Когда же узнал Аггей в образе своем ангела божия — ужаснулся и понял, что должен покориться.
Ночью в дремучем лесу вспомнил Аггей всю свою жизнь и понял, что наказан, что должен искупить свой грех. До сих пор мысль о смирении и кротости рождали уроки внешнего мира. Теперь она пришла изнутри. Аггей прозрел «и вышел из леса, и пошел на светлый божий мир,
Чем ниже — тем выше! Кем сделал Гаршин своего Аггея? Меньше, чем нищим. Поводырем нищих слепцов. Но не поводырем, который вел за собой, а поводырем, который прислуживал тем, кто не видит. «…Не нищий я. Слуга я нищим», — говорит Аггей.
Примерно так же лепил своего Аггея и Лев Толстой, только форму избрал драматическую (он писал пьесу для народного театра) и царя Аггея сделал не «правителем», а «паном».
Но дальше пути Толстого и Гаршина разошлись.
У Толстого, как и в легенде, наказание Аггея временно. Раскаявшись, он вновь становится господином, но милосердным и кротким. Он созывает нищих на пир, а сам прислуживает им.
Гаршинский Аггей остается навсегда с нищими — он «прилепился душою к нищим и убогим». Не жизнь стала для него наказанием, а наказание стало жизнью.
Отказывается Аггей от правления — и от гордого и от кроткого (во всяком — насилие, и так и этак стоять «одному среди народа»): «Не возьму ни меча, ни жезла, ни шапки, ни мантии». Не хочет Аггей быть «братом народу своему» — хочет быть народом.
Странно получилось! Как же связал себя Аггей с общей жизнью? Не пошел «в народ», чтобы улучшить эту общую жизнь. И не понес народу своего знания. И даже не «опростился», не растворился в народе, а словно бы вообще из жизни, ушел. Работал «на бедных, слабых и угнетенных», а для общей жизни, в которой жили они, ничего не сделал.
Гаршин начал писать Аггея, как Алексея Петровича. Но если бы он кончил Алексея Петровича, как Аггея, — что стоил бы уход героя «Ночи» к человеческой массе!
…Странно получилось.
Гаршин вспомнил, как читал свое «Сказание» в неофилологическом обществе.
Молодежь тогда спорила с ним, упрекала за то, что по-своему переделал конец легенды. Студенты кричали: «Это эгоизм! Вместо того чтобы служить народу, Аггей спасает свою душу! Мудрый царь может больше принести добра, чем простой нищий!» Гаршин пожимал плечами: «Не знаю, как у меня получился такой конец. Я пережил жизнь Аггея и не мог закончить ее иначе».
Да, странно!
Гаршин вспомнил, как потом ходил объясняться в цензуру. Важный чиновник обстоятельно рассказывал ему, почему запрещено отдельное издание «Аггея».

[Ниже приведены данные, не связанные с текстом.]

(* Let $\phi\in\mathrm{Diff}(\mathbb C^2,0)$ with $\phi(\xi)=\Lambda\xi+\mathrm{h.o.t.}$ ($\Lambda=\mathrm{diag}(\lambda,\lambda^{-1})$ or $\Lambda=-\sigma$), such that $\phi^{\circ p}=\exp(\hat{\bm X})$ is tangent to the identity, $\phi$ is reversed by $\sigma$ (i.e. $\sigma\circ\phi\circ\sigma=\phi^{\circ(-1)}$) and has the first integral $h=\xi_1\xi_2$. Let $f:=\frac{\xi_1\circ\phi^{\circ p}-\xi_1}{\xi_1}$ and let $s\in\mathbb Z_{\geq0}$ be maximal such that $h^s$ divides $f$. Then $$\hat{\bm X}=\frac{f\log(1+\bm E.f)}{\bm E.f}\,\bm E\mod h^{-s}f^2\bm E.$$
   Context: $\sigma(\xi)=(\xi_2,\xi_1)$, $\bm E=\xi_1\frac{\partial}{\partial\xi_1}-\xi_2\frac{\partial}{\partial\xi_2}$, $\bm E.f$ is the derivative of $f$ along $\bm E$. $\hat{\bm X}$ is the formal infinitesimal generator of $\phi^{\circ p}$: the unique formal vector field with vanishing linear part whose formal time-1 flow $\exp(\hat{\bm X})$ equals the Taylor series of $\phi^{\circ p}$. $\frac{f\log(1+\bm E.f)}{\bm E.f}$ denotes the formal series $f\sum_{n\geq1}\frac{(-1)^{n-1}}{n}(\bm E.f)^{n-1}$. ''mod $h^{-s}f^2\bm E$'' means the difference is $g\,h^{-s}f^2\bm E$ for some formal series $g$. *)

From HB Require Import structures.
From mathcomp Require Import all_boot all_order all_algebra.
From mathcomp Require Import complex.
From mathcomp Require Import Rstruct.
Set Implicit Arguments. Unset Strict Implicit. Unset Printing Implicit Defensive.
Import Order.TTheory GRing.Theory Num.Theory.
Local Open Scope ring_scope.

Section FPS.
Variable K : fieldType.

(* A formal power series  F = sum_{i,j} F i j * xi1^i * xi2^j. *)
Definition fps := nat -> nat -> K.

Definition fpsC (c : K) : fps := fun i j => if (i == 0%N) && (j == 0%N) then c else 0.
Definition fps1 : fps := fpsC 1.
Definition xi1 : fps := fun i j => if (i == 1%N) && (j == 0%N) then 1 else 0.
Definition xi2 : fps := fun i j => if (i == 0%N) && (j == 1%N) then 1 else 0.
Definition fadd (F G : fps) : fps := fun i j => F i j + G i j.
Definition fopp (F : fps) : fps := fun i j => - F i j.
Definition fsub (F G : fps) : fps := fadd F (fopp G).
Definition fmul (F G : fps) : fps := fun i j =>
  \sum_(a < i.+1) \sum_(b < j.+1) F a b * G (i - a)%N (j - b)%N.
Definition fpow (F : fps) (n : nat) : fps := iter n (fmul F) fps1.

Definition d1 (F : fps) : fps := fun i j => F i.+1 j *+ i.+1.
Definition d2 (F : fps) : fps := fun i j => F i j.+1 *+ j.+1.

(* substitution F(P, Q) for P, Q without constant term
   (for such P, Q the terms with a + b > i + j do not contribute) *)
Definition fcomp (F P Q : fps) : fps := fun i j =>
  \sum_(a < (i + j).+1) \sum_(b < (i + j).+1) F a b * fmul (fpow P a) (fpow Q b) i j.

Definition fmap := (fps * fps)%type.
Definition mcomp (Phi Psi : fmap) : fmap :=
  (fcomp Phi.1 Psi.1 Psi.2, fcomp Phi.2 Psi.1 Psi.2).
Definition midm : fmap := (xi1, xi2).
Definition msigma : fmap := (xi2, xi1).
Definition miter (p : nat) (Phi : fmap) : fmap := iter p (mcomp Phi) midm.

(* linear part of a map: Phi(xi) = [[a, b], [c, d]] xi + h.o.t. *)
Definition linpart (Phi : fmap) (a b c d : K) : Prop :=
  [/\ Phi.1 1%N 0%N = a, Phi.1 0%N 1%N = b, Phi.2 1%N 0%N = c & Phi.2 0%N 1%N = d].

Definition vfield := (fps * fps)%type.
Definition lie (X : vfield) (F : fps) : fps := fadd (fmul X.1 (d1 F)) (fmul X.2 (d2 F)).
Definition vanishing_linear_part (X : vfield) : Prop :=
  [/\ X.1 0%N 0%N = 0 /\ X.2 0%N 0%N = 0,
      X.1 1%N 0%N = 0, X.1 0%N 1%N = 0, X.2 1%N 0%N = 0 & X.2 0%N 1%N = 0].
(* Lie series  exp(X).F = sum_n X^n.F / n!  ; for X of order >= 2 and F
   without constant term, X^n.F has order >= n+1, so the sum is finite
   coefficientwise *)
Definition lie_exp (X : vfield) (F : fps) : fps := fun i j =>
  \sum_(n < (i + j).+1) (n`!%:R)^-1 * iter n (lie X) F i j.
Definition fexp (X : vfield) : fmap := (lie_exp X xi1, lie_exp X xi2).

Definition Efield : vfield := (xi1, fopp xi2).
Definition Eder (F : fps) : fps := lie Efield F.

(* log(1 + G) / G := sum_{n >= 1} (-1)^(n-1)/n G^(n-1), for G(0) = 0 *)
Definition log1p_div (G : fps) : fps := fun i j =>
  \sum_(n < (i + j).+1) ((-1) ^+ n / (n.+1)%:R) * fpow G n i j.

Definition fdvd (D F : fps) : Prop := exists g : fps, F = fmul D g.

End FPS.

Definition C := (Rdefinitions.R)[i].

(* a holomorphic germ at 0 is given by a convergent power series *)
Definition convergent (F : fps C) : Prop :=
  exists M r : C, 0 < r /\ forall i j, `|F i j| <= M * r ^+ (i + j).

Definition hfi : fps C := fmul (@xi1 C) (@xi2 C).

(* Formal power series in [xi1, xi2] form an integral domain, and the Lie
   series [exp X] of a vector field with vanishing linear part is a ring
   morphism (Leibniz rule and Cauchy product).  Since [h = xi1 xi2] is a first
   integral of [phi], [exp X] fixes [h], and comparing lowest-degree terms
   gives [X.h = 0], i.e. [X = a E] with [a(0) = 0].  Iterating [a E] on [xi1]
   gives [(a E)^n xi1 = xi1 a ((E.a)^(n-1) + a S_n)], hence [f = a w] with
   [w = (exp (E.a) - 1) / E.a + a T] a unit, and [E.f = u + a V] with
   [u = exp (E.a) - 1].  As [log (1 + u) = E.a], this gives
   [f log (1 + E.f) / E.f = a + a^2 q], so that
   [X - f log (1 + E.f) / E.f E = - q w^-2 f^2 E].  The error term is thus
   divisible by [f^2 E] itself. *)

From Pilot Require Import Defs.
From HB Require Import structures.
From mathcomp Require Import all_boot all_order all_algebra.
From mathcomp Require Import complex Rstruct.
From mathcomp Require boolp.
From mathcomp Require Import ring zify.
Set Implicit Arguments. Unset Strict Implicit. Unset Printing Implicit Defensive.
Import Order.TTheory GRing.Theory Num.Theory.
Local Open Scope ring_scope.

Lemma sum_triangle (R : nmodType) (G : nat -> nat -> R) n :
  \sum_(a < n.+1) \sum_(c < a.+1) G c (a - c)%N =
  \sum_(c < n.+1) \sum_(d < (n - c).+1) G c d.
Proof.
elim: n => [|n IH]; first by rewrite !big_ord1 /= ?big_ord1.
rewrite big_ord_recr /= IH [RHS]big_ord_recr /= subnn big_ord1.
rewrite [X in _ = X + _](eq_bigr (fun c : 'I_n.+1 =>
   \sum_(d < (n - c).+1) G c d + G c (n.+1 - c)%N)); last first.
  by move=> c _; rewrite subSn ?big_ord_recr // -ltnS.
rewrite big_split /= -addrA; congr (_ + _).
by rewrite big_ord_recr /= subnn.
Qed.

Lemma sum_triangle3 (R : nmodType) (g : nat -> nat -> nat -> R) n :
  \sum_(a < n.+1) \sum_(c < a.+1) g c (a - c)%N (n - a)%N =
  \sum_(c < n.+1) \sum_(d < (n - c).+1) g c d (n - c - d)%N.
Proof.
rewrite -(sum_triangle (fun c d => g c d (n - c - d)%N)).
apply: eq_bigr => a _; apply: eq_bigr => c _.
by rewrite -subnDA subnKC // -ltnS.
Qed.

Lemma sum_ord_trunc (R : nmodType) m N (f : nat -> R) : (m <= N)%N ->
  (forall n, (m <= n < N)%N -> f n = 0) ->
  \sum_(n < N) f n = \sum_(n < m) f n.
Proof.
move=> mN f0; rewrite -(subnKC mN) big_split_ord /= [X in _ + X]big1 ?addr0 // => n _.
by apply: f0; have := ltn_ord n; lia.
Qed.

Lemma sum_triangle_box (R : nmodType) N (T : nat -> nat -> R) :
  (forall a c, (N <= a + c)%N -> T a c = 0) ->
  \sum_(s < N) \sum_(a < s.+1) T a (s - a)%N = \sum_(a < N) \sum_(c < N) T a c.
Proof.
case: N => [|n] T0; first by rewrite !big_ord0.
rewrite sum_triangle; apply: eq_bigr => a _.
rewrite [RHS](@sum_ord_trunc _ (n - a).+1) ?ltnS ?leq_subr // => c /andP [ac _].
by apply: T0; have := ltn_ord a; lia.
Qed.

Section FpsRing.
Variable K : fieldType.
Local Notation fps := (Defs.fps K).

Lemma fps_ext (F G : fps) : (forall i j, F i j = G i j) -> F = G.
Proof. by move=> FG; apply: boolp.funext => i; apply: boolp.funext => j; apply: FG. Qed.

Definition fps0 : fps := fun _ _ => 0.

Lemma faddA : associative (@fadd K).
Proof. by move=> F G H; apply: fps_ext => i j; rewrite /fadd addrA. Qed.
Lemma faddC : commutative (@fadd K).
Proof. by move=> F G; apply: fps_ext => i j; rewrite /fadd addrC. Qed.
Lemma fadd0 : left_id fps0 (@fadd K).
Proof. by move=> F; apply: fps_ext => i j; rewrite /fadd add0r. Qed.
Lemma faddN : left_inverse fps0 (@fopp K) (@fadd K).
Proof. by move=> F; apply: fps_ext => i j; rewrite /fadd /fopp addNr. Qed.

Lemma fmulC : commutative (@fmul K).
Proof.
move=> F G; apply: fps_ext => i j; rewrite /fmul.
rewrite (reindex_inj rev_ord_inj); apply: eq_bigr => a _.
rewrite (reindex_inj rev_ord_inj); apply: eq_bigr => b _ /=.
by rewrite !subSS !subKn 1?mulrC // -ltnS.
Qed.

Lemma fmulA : associative (@fmul K).
Proof.
move=> F G H; apply: fps_ext => i j; symmetry; rewrite /fmul.
pose g c a' i' := \sum_(b < j.+1) \sum_(d < b.+1)
  F c d * G a' (b - d)%N * H i' (j - b)%N.
transitivity (\sum_(a < i.+1) \sum_(c < a.+1) g c (a - c)%N (i - a)%N).
  apply: eq_bigr => a _; rewrite exchange_big; apply: eq_bigr => b _ /=.
  by rewrite mulr_suml; apply: eq_bigr => c _; rewrite mulr_suml.
rewrite sum_triangle3; apply: eq_bigr => c _.
transitivity (\sum_(d < j.+1) \sum_(a' < (i - c).+1) \sum_(b' < (j - d).+1)
   F c d * G a' b' * H (i - c - a')%N (j - d - b')%N); last first.
  apply: eq_bigr => d _; rewrite mulr_sumr; apply: eq_bigr => a' _.
  by rewrite mulr_sumr; apply: eq_bigr => b' _; rewrite mulrA.
rewrite [RHS]exchange_big; apply: eq_bigr => a' _.
exact: (sum_triangle3 (fun d b' j' => F c d * G a' b' * H (i - c - a')%N j')).
Qed.

Lemma fmul1 : left_id (@fps1 K) (@fmul K).
Proof.
move=> F; apply: fps_ext => i j.
rewrite /fmul big_ord_recl [X in _ + X]big1 ?addr0; last first.
  by move=> a _; apply: big1 => b _; rewrite /fps1 /fpsC /= mul0r.
rewrite big_ord_recl [X in _ + X]big1 ?addr0 => [|b _]; last by rewrite /fps1 /fpsC /= mul0r.
by rewrite /fps1 /fpsC /= mul1r !subn0.
Qed.

Lemma fmulDl : left_distributive (@fmul K) (@fadd K).
Proof.
move=> F G H; apply: fps_ext => i j; rewrite /fmul /fadd -big_split /=.
by apply: eq_bigr => a _; rewrite -big_split; apply: eq_bigr => b _; rewrite mulrDl.
Qed.

HB.instance Definition _ := boolp.gen_eqMixin fps.
HB.instance Definition _ := boolp.gen_choiceMixin fps.

Lemma fps1_neq0 : (@fps1 K) != fps0.
Proof.
apply/eqP => /(congr1 (fun F => F 0%N 0%N)).
by rewrite /fps1 /fpsC /fps0 /=; apply/eqP/oner_neq0.
Qed.

HB.instance Definition _ := GRing.isZmodule.Build fps faddA faddC fadd0 faddN.
HB.instance Definition _ :=
  GRing.Zmodule_isComNzRing.Build fps fmulA fmulC fmul1 fmulDl fps1_neq0.

End FpsRing.

Section Coefficients.
Variable K : fieldType.
Local Notation fps := (Defs.fps K).
Local Notation x1 := (xi1 K).
Local Notation x2 := (xi2 K).

Lemma fcoefD (F G : fps) i j : (F + G) i j = F i j + G i j. Proof. by []. Qed.
Lemma fcoefN (F : fps) i j : (- F) i j = - F i j. Proof. by []. Qed.
Lemma fcoefB (F G : fps) i j : (F - G) i j = F i j - G i j. Proof. by []. Qed.
Lemma fcoef0 i j : (0 : fps) i j = 0. Proof. by []. Qed.
Lemma fcoef1 i j : (1 : fps) i j = if (i == 0%N) && (j == 0%N) then 1 else 0.
Proof. by []. Qed.
Lemma fcoefC c i j : (fpsC c : fps) i j = if (i == 0%N) && (j == 0%N) then c else 0.
Proof. by []. Qed.
Lemma fcoefM (F G : fps) i j : (F * G) i j =
  \sum_(a < i.+1) \sum_(b < j.+1) F a b * G (i - a)%N (j - b)%N.
Proof. by []. Qed.
Lemma fcoef_sum I (r : seq I) (P : pred I) (F : I -> fps) i j :
  (\sum_(k <- r | P k) F k) i j = \sum_(k <- r | P k) F k i j.
Proof. by elim/big_rec2: _ => // k a b _ <-. Qed.
Lemma fcoefMn (F : fps) m i j : (F *+ m) i j = F i j *+ m.
Proof. by elim: m => [|m IH]; rewrite ?mulr0n // !mulrS fcoefD IH. Qed.

Lemma fcoefCM c (F : fps) i j : (fpsC c * F) i j = c * F i j.
Proof.
rewrite fcoefM big_ord_recl [X in _ + X]big1 ?addr0; last first.
  by move=> a _; apply: big1 => b _; rewrite fcoefC /= mul0r.
rewrite big_ord_recl [X in _ + X]big1 ?addr0 => [|b _]; last by rewrite fcoefC /= mul0r.
by rewrite fcoefC /= !subn0.
Qed.

Lemma fpsCM c d : fpsC (c * d) = fpsC c * fpsC d :> fps.
Proof.
by apply: fps_ext => i j; rewrite fcoefCM !fcoefC; case: (_ && _); rewrite ?mulr0.
Qed.
Lemma fpsCN c : fpsC (- c) = - fpsC c :> fps.
Proof. by apply: fps_ext => i j; rewrite fcoefN !fcoefC; case: (_ && _); rewrite ?oppr0. Qed.
Lemma fpsC0 : fpsC 0 = 0 :> fps.
Proof. by apply: fps_ext => i j; rewrite fcoefC; case: (_ && _). Qed.
Lemma fpsC1 : fpsC 1 = 1 :> fps.
Proof. by []. Qed.
Lemma fpsCX c m : fpsC (c ^+ m) = fpsC c ^+ m :> fps.
Proof. by elim: m => [|m IH]; rewrite ?expr0 ?fpsC1 // !exprS fpsCM IH. Qed.
Lemma mulrn_fpsC (F : fps) m : F *+ m = fpsC (m%:R) * F.
Proof. by apply: fps_ext => i j; rewrite fcoefMn fcoefCM mulr_natl. Qed.

Lemma fpowE (F : fps) n : fpow F n = F ^+ n.
Proof. by elim: n => // n IH; rewrite exprS -IH. Qed.

Lemma fcoef_xi1M (F : fps) i j : (x1 * F) i j = if i is i'.+1 then F i' j else 0.
Proof.
rewrite fcoefM; case: i => [|i].
  by rewrite big_ord1 big1 // => b _; rewrite /xi1 /= mul0r.
rewrite big_ord_recl big1 ?add0r => [|b _]; last by rewrite /xi1 /= mul0r.
rewrite big_ord_recl [X in _ + X]big1 ?addr0; last first.
  by move=> a _; apply: big1 => b _; rewrite /xi1 /= mul0r.
rewrite big_ord_recl [X in _ + X]big1 ?addr0 => [|b _]; last by rewrite /xi1 /= mul0r.
by rewrite /xi1 /= mul1r !subn0 subn1.
Qed.

Lemma fcoef_xi2M (F : fps) i j : (x2 * F) i j = if j is j'.+1 then F i j' else 0.
Proof.
rewrite fcoefM big_ord_recl [X in _ + X]big1 ?addr0; last first.
  by move=> a _; apply: big1 => b _; rewrite /xi2 /= mul0r.
case: j => [|j]; first by rewrite big_ord1 /xi2 /= mul0r.
rewrite big_ord_recl /xi2 /= mul0r add0r.
rewrite big_ord_recl [X in _ + X]big1 ?addr0 => [|b _]; last by rewrite /= mul0r.
by rewrite /= mul1r !subn0 subn1.
Qed.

— Здесь проводится мысль, что ни богатство, ни верховная власть не прочны… Властелин (цензор строго взглянул на Гаршина и поднял палец) останется голодным и раздетым! И что же! Когда господу угодно будет вернуть, наконец, власть законному государю, тот откажется от нее, останется с народом, чтобы заниматься мужицким трудом. Нет, господин Гаршин, конечно, не имел в виду… Но в малообразованной среде рассказ наверняка будет истолкован превратно — в ущерб значению царской власти…
Гаршин ушел, избегнув рукопожатия. Странно!
Гаршин вспомнил: в «Посреднике» ему говорили радостно:
— У вас более по-толстовски, чем у Толстого.
Он только тогда узнал, что Толстой тоже работает над легендой. Говорят, прочитав гаршинского «Аггея», Лев Николаевич забросил своего. Значит, решил, что лучше не напишет; значит, признал гаршинского «Аггея» своим.
А Гаршин вовсе не собирался разделять толстовские «благоглупости»!..
Гаршин не заметил, как снова остановился у старого, затерявшегося в траве рельса.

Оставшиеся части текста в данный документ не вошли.